── INPUT DATA ──
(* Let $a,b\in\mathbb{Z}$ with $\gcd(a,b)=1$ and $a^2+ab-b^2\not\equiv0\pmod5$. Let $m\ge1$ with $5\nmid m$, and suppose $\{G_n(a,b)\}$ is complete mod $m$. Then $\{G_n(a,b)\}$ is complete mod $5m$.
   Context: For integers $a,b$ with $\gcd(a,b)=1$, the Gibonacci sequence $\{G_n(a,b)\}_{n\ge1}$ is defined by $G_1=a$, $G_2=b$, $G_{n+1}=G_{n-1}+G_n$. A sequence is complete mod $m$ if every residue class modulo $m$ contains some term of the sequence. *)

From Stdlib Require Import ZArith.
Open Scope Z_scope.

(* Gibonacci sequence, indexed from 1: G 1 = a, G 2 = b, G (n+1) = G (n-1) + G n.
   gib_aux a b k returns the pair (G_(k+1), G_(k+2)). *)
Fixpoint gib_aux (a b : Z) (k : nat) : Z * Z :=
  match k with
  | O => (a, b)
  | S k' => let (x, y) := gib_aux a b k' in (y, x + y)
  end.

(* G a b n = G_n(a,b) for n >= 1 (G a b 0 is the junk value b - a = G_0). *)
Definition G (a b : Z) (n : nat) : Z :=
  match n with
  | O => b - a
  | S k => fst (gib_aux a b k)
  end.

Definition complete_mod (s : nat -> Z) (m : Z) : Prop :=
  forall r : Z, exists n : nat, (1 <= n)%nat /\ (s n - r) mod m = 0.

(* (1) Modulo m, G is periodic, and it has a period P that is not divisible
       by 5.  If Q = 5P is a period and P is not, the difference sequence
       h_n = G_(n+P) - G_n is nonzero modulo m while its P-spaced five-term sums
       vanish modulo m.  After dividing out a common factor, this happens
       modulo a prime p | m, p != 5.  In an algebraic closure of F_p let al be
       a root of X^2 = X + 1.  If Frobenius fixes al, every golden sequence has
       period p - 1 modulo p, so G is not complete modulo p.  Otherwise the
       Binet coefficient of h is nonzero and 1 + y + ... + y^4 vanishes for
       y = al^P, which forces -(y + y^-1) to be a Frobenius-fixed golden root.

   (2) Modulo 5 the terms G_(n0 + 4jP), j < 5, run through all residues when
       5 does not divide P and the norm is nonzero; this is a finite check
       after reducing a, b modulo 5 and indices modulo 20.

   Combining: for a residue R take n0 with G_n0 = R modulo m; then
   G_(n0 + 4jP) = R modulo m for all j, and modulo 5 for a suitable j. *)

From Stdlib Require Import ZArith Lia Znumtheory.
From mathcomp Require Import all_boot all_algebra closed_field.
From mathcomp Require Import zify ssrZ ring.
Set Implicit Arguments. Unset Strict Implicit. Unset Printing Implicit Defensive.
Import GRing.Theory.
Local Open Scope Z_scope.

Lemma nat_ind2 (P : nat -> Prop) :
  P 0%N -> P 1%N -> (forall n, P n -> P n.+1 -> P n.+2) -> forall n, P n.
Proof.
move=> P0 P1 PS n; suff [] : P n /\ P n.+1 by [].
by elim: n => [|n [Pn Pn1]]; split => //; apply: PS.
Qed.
───
▸ **TASK DIRECTIONS**:
From the entries above, print the lines beginning at the one with "a root of X^2" and stopping after the one with "Lemma nat_ind2 (P", exactly as written and with nothing else.

▸ **ANSWER SPACE**:
       a root of X^2 = X + 1.  If Frobenius fixes al, every golden sequence has
       period p - 1 modulo p, so G is not complete modulo p.  Otherwise the
       Binet coefficient of h is nonzero and 1 + y + ... + y^4 vanishes for
       y = al^P, which forces -(y + y^-1) to be a Frobenius-fixed golden root.

   (2) Modulo 5 the terms G_(n0 + 4jP), j < 5, run through all residues when
       5 does not divide P and the norm is nonzero; this is a finite check
       after reducing a, b modulo 5 and indices modulo 20.

   Combining: for a residue R take n0 with G_n0 = R modulo m; then
   G_(n0 + 4jP) = R modulo m for all j, and modulo 5 for a suitable j. *)

From Stdlib Require Import ZArith Lia Znumtheory.
From mathcomp Require Import all_boot all_algebra closed_field.
From mathcomp Require Import zify ssrZ ring.
Set Implicit Arguments. Unset Strict Implicit. Unset Printing Implicit Defensive.
Import GRing.Theory.
Local Open Scope Z_scope.

Lemma nat_ind2 (P : nat -> Prop) :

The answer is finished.